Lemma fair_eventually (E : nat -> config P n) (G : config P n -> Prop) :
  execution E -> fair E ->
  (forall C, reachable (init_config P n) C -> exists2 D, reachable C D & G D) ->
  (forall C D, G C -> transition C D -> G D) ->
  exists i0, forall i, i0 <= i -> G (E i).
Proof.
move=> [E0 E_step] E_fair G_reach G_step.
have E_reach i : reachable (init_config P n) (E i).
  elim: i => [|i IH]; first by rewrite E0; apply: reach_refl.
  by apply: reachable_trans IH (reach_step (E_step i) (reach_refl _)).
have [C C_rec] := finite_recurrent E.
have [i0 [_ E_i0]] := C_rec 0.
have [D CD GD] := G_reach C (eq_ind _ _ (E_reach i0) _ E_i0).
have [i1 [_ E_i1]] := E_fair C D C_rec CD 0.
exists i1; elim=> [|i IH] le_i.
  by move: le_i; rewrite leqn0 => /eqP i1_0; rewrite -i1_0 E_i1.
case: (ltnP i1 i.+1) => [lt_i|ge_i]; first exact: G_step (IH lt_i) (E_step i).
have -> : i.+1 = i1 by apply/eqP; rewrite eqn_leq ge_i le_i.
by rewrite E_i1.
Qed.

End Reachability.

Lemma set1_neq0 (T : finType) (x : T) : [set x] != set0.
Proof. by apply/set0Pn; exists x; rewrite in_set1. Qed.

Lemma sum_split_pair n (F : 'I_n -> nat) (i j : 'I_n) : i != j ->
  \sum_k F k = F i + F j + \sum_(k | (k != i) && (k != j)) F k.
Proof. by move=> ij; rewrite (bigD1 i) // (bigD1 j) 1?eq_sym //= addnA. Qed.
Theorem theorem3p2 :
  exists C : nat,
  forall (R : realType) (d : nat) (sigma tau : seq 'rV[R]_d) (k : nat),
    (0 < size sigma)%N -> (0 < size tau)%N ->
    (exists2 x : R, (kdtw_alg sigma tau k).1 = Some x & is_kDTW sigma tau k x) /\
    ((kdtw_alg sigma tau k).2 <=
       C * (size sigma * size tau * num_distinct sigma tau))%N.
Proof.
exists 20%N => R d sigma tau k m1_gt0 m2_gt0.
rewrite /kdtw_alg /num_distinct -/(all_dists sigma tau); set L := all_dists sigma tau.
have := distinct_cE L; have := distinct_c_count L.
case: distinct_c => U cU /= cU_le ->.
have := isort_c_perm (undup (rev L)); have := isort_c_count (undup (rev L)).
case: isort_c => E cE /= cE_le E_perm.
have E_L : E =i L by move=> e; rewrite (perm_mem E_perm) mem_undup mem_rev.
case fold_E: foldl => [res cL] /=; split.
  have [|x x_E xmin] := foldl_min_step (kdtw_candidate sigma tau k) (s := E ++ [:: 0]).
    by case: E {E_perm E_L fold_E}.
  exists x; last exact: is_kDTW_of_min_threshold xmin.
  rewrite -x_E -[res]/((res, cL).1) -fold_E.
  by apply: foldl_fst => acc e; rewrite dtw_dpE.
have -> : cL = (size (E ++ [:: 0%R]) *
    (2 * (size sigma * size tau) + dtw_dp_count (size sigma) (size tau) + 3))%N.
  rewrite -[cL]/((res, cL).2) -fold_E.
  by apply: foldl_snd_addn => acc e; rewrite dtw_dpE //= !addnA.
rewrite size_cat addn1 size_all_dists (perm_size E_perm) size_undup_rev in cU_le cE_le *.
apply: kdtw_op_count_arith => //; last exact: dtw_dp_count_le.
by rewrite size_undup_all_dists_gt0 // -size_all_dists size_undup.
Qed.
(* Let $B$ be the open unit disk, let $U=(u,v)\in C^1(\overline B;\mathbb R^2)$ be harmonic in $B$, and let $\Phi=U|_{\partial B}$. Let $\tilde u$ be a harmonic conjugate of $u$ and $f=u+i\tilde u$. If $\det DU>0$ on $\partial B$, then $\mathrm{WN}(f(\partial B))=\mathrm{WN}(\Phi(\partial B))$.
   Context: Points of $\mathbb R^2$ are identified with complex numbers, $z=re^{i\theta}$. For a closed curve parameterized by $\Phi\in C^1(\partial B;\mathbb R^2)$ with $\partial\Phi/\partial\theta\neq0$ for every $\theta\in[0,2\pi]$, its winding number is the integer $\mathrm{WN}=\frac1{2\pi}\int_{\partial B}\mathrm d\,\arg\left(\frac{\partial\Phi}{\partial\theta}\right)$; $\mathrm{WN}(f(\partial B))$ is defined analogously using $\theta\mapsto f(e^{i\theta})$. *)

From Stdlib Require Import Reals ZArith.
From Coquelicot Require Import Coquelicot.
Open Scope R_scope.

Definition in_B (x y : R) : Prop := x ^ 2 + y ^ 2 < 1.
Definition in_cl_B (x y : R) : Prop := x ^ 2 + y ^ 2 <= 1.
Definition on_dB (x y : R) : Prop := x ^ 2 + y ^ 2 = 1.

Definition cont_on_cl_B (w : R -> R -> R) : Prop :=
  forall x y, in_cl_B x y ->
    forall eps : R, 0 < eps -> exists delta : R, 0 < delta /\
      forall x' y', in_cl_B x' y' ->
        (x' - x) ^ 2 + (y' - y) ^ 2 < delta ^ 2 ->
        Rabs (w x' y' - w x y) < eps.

##########

Exercise requirements: The lines beginning with the one that holds "forall eps : R, 0" and ending with the last line of the data above are to be reproduced exactly, and nothing else.

Response below:
    forall eps : R, 0 < eps -> exists delta : R, 0 < delta /\
      forall x' y', in_cl_B x' y' ->
        (x' - x) ^ 2 + (y' - y) ^ 2 < delta ^ 2 ->
        Rabs (w x' y' - w x y) < eps.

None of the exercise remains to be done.